Of course, you could also update the same document with multiple operations. However, it does not make sense.

from pymongo import UpdateOne
import bson

def _operations():
    if title = payload.get('title'):
        yield UpdateOne({'_id': bson.ObjectId(post_id)}, {'$set': {'title': title}})

    if location = payload.get('location'):
        yield UpdateOne({'_id': bson.ObjectId(post_id)}, {'$set': {'location': location}})      

    if pricing = payload.get('pricing'):
        yield UpdateOne({'_id': bson.ObjectId(post_id)}, {'$set': {'pricing': pricing}})

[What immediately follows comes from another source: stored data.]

Lemma size_sub_P d (r : {poly R}) :
  (size r <= d.+1)%N -> (size (r - r`_d *: P d)%R <= d)%N.
Proof.
move=> r_small; apply/leq_sizeP => j; rewrite leq_eqVlt => /predU1P[<-|dj].
  by rewrite coefB coefZ coef_P_deg mulr1 subrr.
rewrite coefB coefZ [r`_j]nth_default ?[(P d)`_j]nth_default ?size_P //.
  by rewrite mulr0 subr0.
exact: leq_trans r_small dj.
Qed.

Lemma L_P_mul_small d m (r : {poly R}) :
  (size r <= d)%N -> (d <= m)%N -> L (P m * r) = 0.
Proof.
elim: d r => [|d IH] r r_small dm.
  by move: r_small; rewrite size_poly_leq0 => /eqP->; rewrite mulr0 linear0.
rewrite -(subrK (r`_d *: P d) r) mulrDr linearD.
rewrite (IH _ (size_sub_P r_small) (ltnW dm)) add0r.
by rewrite -scalerAr linearZ /= L_orth ?mulr0 //; lia.
Qed.

Definition sqnorm n := L (P n * P n).

Lemma L_P_mul_deg d (r : {poly R}) :
  (size r <= d.+1)%N -> L (P d * r) = r`_d * sqnorm d.
Proof.
move=> r_small; rewrite -{1}(subrK (r`_d *: P d) r) mulrDr linearD.
by rewrite (L_P_mul_small (size_sub_P r_small)) // -scalerAr linearZ add0r.
Qed.

Lemma L_P_mul_P m n : L (P m * P n) = (m == n)%:R * sqnorm n.
Proof. by case: eqP => [->|/L_orth->]; rewrite ?mul1r ?mul0r. Qed.

Lemma sqnormS n : sqnorm n.+1 = beta n.+1 * sqnorm n.
Proof.
have sXP : (size ('X * P n)%R <= n.+2)%N.
  by rewrite mulrC size_mulX ?size_P // -size_poly_eq0 size_P.
have := L_P_mul_deg sXP; rewrite coefXM /= coef_P_deg mul1r => <-.
rewrite mulrA [P n.+1 * _]mulrC mulX_P mulrDl linearD -scalerAl linearZ /=.
by rewrite L_orth ?add0r //; lia.
Qed.

Definition moment j m n := L ('X^j * (P m * P n)).

Lemma moment0 m n : moment 0 m n = (m == n)%:R * sqnorm n.
Proof. by rewrite /moment expr0 mul1r L_P_mul_P. Qed.

Lemma momentS j m n : moment j.+1 m n = moment j m.+1 n + beta m * moment j m.-1 n.
Proof.
rewrite /moment exprSr -mulrA mulrA -mulrA [X in 'X^j * X]mulrA mulX_P.
by rewrite mulrDl mulrDr linearD -scalerAl -scalerAr linearZ.
Qed.

Hypothesis L1_neq0 : L 1 != 0.
Hypothesis beta_neq0 : forall n, (0 < n)%N -> beta n != 0.

Lemma sqnorm_neq0 n : sqnorm n != 0.
Proof.
elim: n => [|n IH]; first by rewrite /sqnorm P0 mulr1.
by rewrite sqnormS mulf_neq0 ?beta_neq0.
Qed.

Variables tau t : R.
Hypothesis L_deriv : forall p, L (p^`() + p * (sextic_exponent tau t)^`()) = 0.

Lemma sqnorm_moments k : k.+1%:R * sqnorm k =
  6 * moment 5 k.+1 k - 4 * tau * moment 3 k.+1 k - 2 * t * moment 1 k.+1 k.
Proof.
have := L_deriv (P k.+1 * P k).
rewrite deriv_sextic_exponent derivM !linearD [_^`() * _]mulrC.
rewrite L_P_mul_deg ?size_deriv_P // coef_deriv coef_P_deg.
rewrite (L_P_mul_small (size_deriv_P k) (leqnSn k)) addr0.
rewrite !mulrDr -!scalerAr !linearD !linearZ /= /moment expr1.
rewrite ![_ * 'X^_]mulrC [_ * 'X]mulrC => /eqP; rewrite addr_eq0 => /eqP->; ring.
Qed.

Lemma freud_equation n : (0 < n)%N ->
    6 * beta n * (beta (n - 2)%N * beta (n - 1)%N + beta (n - 1)%N ^+ 2
                  + 2 * beta (n - 1)%N * beta n + beta (n - 1)%N * beta n.+1
                  + beta n ^+ 2 + 2 * beta n * beta n.+1 + beta n.+1 ^+ 2
                  + beta n.+1 * beta n.+2)
    - 4 * tau * beta n * (beta (n - 1)%N + beta n + beta n.+1)
    - 2 * t * beta n = n%:R.
Proof.
case: n => // k _; rewrite subn1 (_ : k.+1 - 2 = k.-1)%N /=; last lia.
apply: (mulIf (sqnorm_neq0 k)); rewrite sqnorm_moments !momentS !moment0.
(* P_(-1) is encoded as P 0: for k < 4 the expansion reaches indices
   truncated at 0, but always behind the factor beta 0 = 0. *)
case: k => [|[|[|[|k]]]] /=; rewrite ?beta0; decide_nat_eqs => /=; ring.
Qed.

End RecurrenceMoments.

Local Open Scope classical_set_scope.

Lemma exprn_le_expR (R : realType) (y : R) D : 0 <= y -> y ^+ D <= D`!%:R * expR y.
Proof.
case: D => [|n] y0; first by rewrite expr0 fact0 mul1r -expR0 ler_expR.
have fact_gt0 : 0 < n.+1`!%:R :> R by rewrite ltr0n fact_gt0.
rewrite mulrC -ler_pdivrMr //; apply: le_trans (expR_ge1Dxn n y0).
by rewrite lerDr.
Qed.

Lemma norm_horner_le (R : realDomainType) (r : {poly R}) x :
  `|r.[x]| <= (\sum_(i < size r) `|r`_i|) * (1 + `|x| ^+ size r).
Proof.
rewrite horner_coef mulr_suml; apply: le_trans (ler_norm_sum _ _ _) _.
apply: ler_sum => i _; rewrite normrM normrX ler_wpM2l //.
have [x1|x1] := lerP `|x| 1.
  by rewrite -[X in X <= _]addr0 lerD ?exprn_ile1 ?exprn_ge0.
by rewrite -[X in X <= _]add0r lerD // ler_weXn2l ?ltW // ltnW.
Qed.

Lemma cvg_integral_sym_itv (R : realType) (f : R -> \bar R) :
  lebesgue_measure.-integrable [set: R] f ->
  (fun n : nat => (\int[lebesgue_measure]_(x in `[(- n.+1%:R)%R, n.+1%:R]) f x)%E)
    @ \oo --> (\int[lebesgue_measure]_(x in [set: R]) f x)%E.
Proof.
move=> intf; have mf := measurable_int _ intf.
pose D n : set R := `[(- n.+1%:R)%R, n.+1%:R].
pose f_ n := f \_ (D n).
have mf_ n : measurable_fun [set: R] (f_ n).
  by apply/(measurable_restrictT _ (measurable_itv _)); exact: measurable_funS mf.
have f_f : {ae lebesgue_measure, forall x, [set: R] x -> f_ ^~ x @ \oo --> f x}.
  apply: aeW => x _; apply: cvg_near_cst; near=> n.
  rewrite /f_ patchE mem_set // /D /= in_itv /= -ler_norml ltW //.
  apply: lt_le_trans (truncnS_gt `|x|) _.
  by rewrite ler_nat ltnS; near: n; exact: nbhs_infty_ge.
have f_g : {ae lebesgue_measure, forall x n, [set: R] x -> (`|f_ n x| <= (abse \o f) x)%E}.
  apply: aeW => x n _; rewrite /f_ patchE; case: ifP => _ //=.
  by rewrite normr0 abse_ge0.
have [_ _] := @dominated_convergence _ _ _ lebesgue_measure _ measurableT f_ f _
  mf_ mf f_f (integrable_abse intf) f_g.
by under eq_fun => n do rewrite -integral_mkcond.
Unshelve. all: by end_near.
Qed.

Section FreudWeight.
Variables (R : realType) (V : {poly R}).
(* Gives |x|^j exp V(x) <= j! e^A exp(-x^2), via |x|^j <= j! e^|x|. *)
Hypothesis V_gauss_dominated : exists A, forall x : R, `|x| + x ^+ 2 + V.[x] <= A.

Definition weighted (r : {poly R}) x := r.[x] * expR V.[x].

Lemma weighted_gauss_bound (r : {poly R}) :
  exists C, forall x, `|weighted r x| <= C * gauss_fun x.
Proof.
have [A hA] := V_gauss_dominated.
have mono j x : `|x| ^+ j * expR V.[x] <= j`!%:R * expR A * gauss_fun x.
  apply: le_trans (_ : j`!%:R * expR `|x| * expR V.[x] <= _).
    by rewrite ler_wpM2r ?expR_ge0 // exprn_le_expR.
  rewrite -!mulrA ler_wpM2l // /gauss_fun -!expRD ler_expR.
  by have := hA x; lra.
pose S := \sum_(i < size r) `|r`_i|.
exists (S * (1 + (size r)`!%:R) * expR A) => x.
have S_ge0 : 0 <= S by rewrite sumr_ge0.
rewrite /weighted normrM (ger0_norm (expR_ge0 _)).
apply: le_trans (ler_wpM2r (expR_ge0 _) (norm_horner_le r x)) _.
rewrite -!mulrA ler_wpM2l // !mulrDl !mul1r mulrA.
by apply: lerD; [have := mono 0%N x; rewrite expr0 fact0 !mul1r | exact: mono].
Qed.

Lemma is_derive_weighted (r : {poly R}) (x : R) :
  is_derive x 1 (weighted r) (weighted (r^`() + r * V^`()) x).
Proof.
have dexp : is_derive x 1 (expR \o horner V) (expR V.[x] * V^`().[x]).
  exact: is_derive1_comp.
have := is_deriveM (is_derive_poly r x) dexp.
rewrite (_ : _ * _ = weighted r) // => /is_derive_eq; apply.
by rewrite /weighted hornerD hornerM /GRing.scale /=; ring.
Qed.

Lemma continuous_weighted (r : {poly R}) : continuous (weighted r).
Proof.
move=> x; apply: differentiable_continuous; apply/derivable1_diffP.
by have [] := is_derive_weighted r x.
Qed.

Lemma measurable_weighted (r : {poly R}) :
  measurable_fun [set: R] (fun x => (weighted r x)%:E).
Proof.
by apply/measurable_EFinP; exact: continuous_measurable_fun (@continuous_weighted r).
Qed.

Lemma integrable_weighted (r : {poly R}) :
  lebesgue_measure.-integrable [set: R] (EFin \o weighted r).
Proof.
have [C HC] := weighted_gauss_bound r.
apply: (@le_integrable _ _ _ lebesgue_measure _ measurableT _
  (fun x => C%:E * (EFin \o gauss_fun) x)%E).
- exact: measurable_weighted.
- by move=> x _ /=; rewrite lee_fin (le_trans (HC x)) ?ler_norm.
- exact: integrableZl integrableT_gauss.
Qed.

Definition wint r := Rintegral lebesgue_measure [set: R] (weighted r).

Lemma integral_weighted (r : {poly R}) :
  (\int[lebesgue_measure]_(x in [set: R]) (weighted r x)%:E)%E = (wint r)%:E.
Proof. by rewrite fineK // integrable_fin_num // integrable_weighted. Qed.

Lemma wint_is_linear : linear_for *%R wint.
Proof.
move=> c p q; rewrite /wint -RintegralZl ?integrable_weighted //.
have -> : \int[lebesgue_measure]_(x in [set: R]) (c * weighted p x) = wint (c *: p).
  by apply: eq_Rintegral => x _; rewrite /weighted hornerZ mulrA.
rewrite -RintegralD ?integrable_weighted //.
by apply: eq_Rintegral => x _; rewrite /weighted hornerD mulrDl.
Qed.

Lemma wint1_gt0 : 0 < wint 1.
Proof.
pose S := \sum_(i < size V) `|V`_i|.
have S_ge0 : 0 <= S by rewrite sumr_ge0.
have lower x : 0 <= x <= 1 -> expR (- (S * 2)) <= weighted 1 x.
  move=> /andP[x0 x1]; rewrite /weighted hornerC mul1r ler_expR.
  have := norm_horner_le V x; rewrite -/S ler_norml => /andP[+ _].
  have : S * (1 + `|x| ^+ size V) <= S * 2.
    by rewrite ler_wpM2l // lerD2l exprn_ile1 ?ger0_norm.
  lra.
have w1_ge0 x : 0 <= weighted 1 x by rewrite /weighted hornerC mul1r expR_ge0.
have : ((expR (- (S * 2)))%:E * lebesgue_measure `[0%R, 1%R] <= (wint 1)%:E)%E.
  rewrite -integral_weighted -integral_cst //.
  apply: (@le_trans _ _ (\int[lebesgue_measure]_(x in `[0%R, 1%R]) (weighted 1 x)%:E)%E).
    apply: ge0_le_integral => //.
    - by move=> x /=; rewrite in_itv /= => /lower; rewrite lee_fin.
    - exact: measurable_funS (@measurable_weighted 1).
  apply: ge0_subset_integral => //; first exact: measurable_weighted.
  by move=> x _; rewrite lee_fin.
rewrite lebesgue_measure_itv /= lte01 oppr0 adde0 mule1 lee_fin.
exact: lt_le_trans (expR_gt0 _).
Qed.

Lemma integral_itv_weighted_deriv (p : {poly R}) (a : R) : 0 < a ->
  (\int[lebesgue_measure]_(x in `[(- a)%R, a]) (weighted (p^`() + p * V^`()) x)%:E)%E
  = (weighted p a - weighted p (- a))%:E.
Proof.
move=> a_gt0; rewrite EFinB; apply: continuous_FTC2.
- by rewrite -subr_gt0 opprK; lra.
- exact: continuous_subspaceT (@continuous_weighted _).
- split.
  + by move=> x _; have [] := is_derive_weighted p x.
  + by apply: cvg_at_right_filter; exact: continuous_weighted.
  + by apply: cvg_at_left_filter; exact: continuous_weighted.
- move=> x _; rewrite derive1E.
  exact: (@derive_val _ _ _ _ _ _ _ (is_derive_weighted p x)).
Qed.

Lemma weighted_decay (p : {poly R}) :
  exists C, forall y : R, y != 0 -> `|weighted p y| <= C / `|y|.
Proof.
have [C HC] := weighted_gauss_bound ('X * p).
exists `|C| => y y0; rewrite ler_pdivlMr ?normr_gt0 //.
move: (HC y); rewrite /weighted hornerM hornerX -mulrA normrM mulrC.
move=> /le_trans; apply.
rewrite (le_trans (ler_wpM2r (gauss_fun_ge0 y) (ler_norm C))) //.
by rewrite ler_piMr ?gauss_fun_le1.
Qed.

Lemma cvg_weighted_sym (p : {poly R}) :
  (fun n : nat => weighted p n.+1%:R - weighted p (- n.+1%:R)) @ \oo --> 0.
Proof.
have [C HC] := weighted_decay p.
apply: (@squeeze_cvgr _ _ _ _ (fun n => - (2 * C) * harmonic n)
  (fun n => 2 * C * harmonic n)).
- apply: nearW => n; rewrite mulNr -ler_norml.
  have n_gt0 := ltr0Sn R n.
  have Hp : `|weighted p n.+1%:R| <= C / n.+1%:R.
    by rewrite -{2}(gtr0_norm n_gt0) HC ?lt0r_neq0.
  have Hm : `|weighted p (- n.+1%:R)| <= C / n.+1%:R.
    by rewrite -{2}(gtr0_norm n_gt0) -[`|n.+1%:R|]normrN HC ?oppr_eq0 ?lt0r_neq0.
  apply: le_trans (ler_normB _ _) _.
  by rewrite /harmonic /= mulr2n !mulrDl mul1r lerD.
- by rewrite -(mulr0 (- (2 * C))); exact: cvgMl_tmp cvg_harmonic.
- by rewrite -(mulr0 (2 * C)); exact: cvgMl_tmp cvg_harmonic.
Qed.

    if description = payload.get('description'):
        yield UpdateOne({'_id': bson.ObjectId(post_id)}, {'$set': {'description': description}})

    UpdateOne(
        {
            '_id': bson.ObjectId(post_id),
            'media.0': {'$exists': True},
            'title': {'$ne': None},
            'location': {'$ne': None},
            'pricing': {'$ne': None},
            'posted_at': {'$eq': None},
        },
        {'$set': {'posted_at': utils.utcnow()}},
    )

operations = list(_operations())
result = Post._get_collection().bulk_write(operations, ordered=True)
print(result.bulk_api_result)

ref:
https://api.mongodb.com/python/current/examples/bulk.html

Remove items from an array field of documents.

var userId = ObjectId("57a42a779f22bb6bcc434520");

db.getCollection('user').update(
    {'follows.user': userId},
    {'$pull': {'follows': {'user': userId}}},
    {'multi': true}
)

ref:
https://stackoverflow.com/questions/33594397/how-to-update-a-large-number-of-documents-in-mongodb-most-effeciently

Remove Large Numbers Of Documents

in mongo shell:

var bulk = db.getCollection('feature.journal.v2').initializeUnorderedBulkOp()
bulk.find({}).remove()
bulk.execute()

// or

var bulk = db.getCollection('feature.journal.v2').initializeUnorderedBulkOp()
bulk.find({event: 'quest.rewarded'}).remove()
bulk.find({event: 'message.sent'}).remove()
bulk.execute()

ref:
https://docs.mongodb.com/manual/reference/method/Bulk.find.remove/#bulk-find-remove

MongoEngine In Python

ref:
http://docs.mongoengine.org/guide/index.html
http://docs.mongoengine.org/apireference.html

Define Collections

It seems every collection in MongoEngine must have a id field.

ref:
http://docs.mongoengine.org/guide/defining-documents.html

Define A Field With Default EmbeddedDocument

The behavior of setting an EmbeddedDocument class as default works differently with and without only().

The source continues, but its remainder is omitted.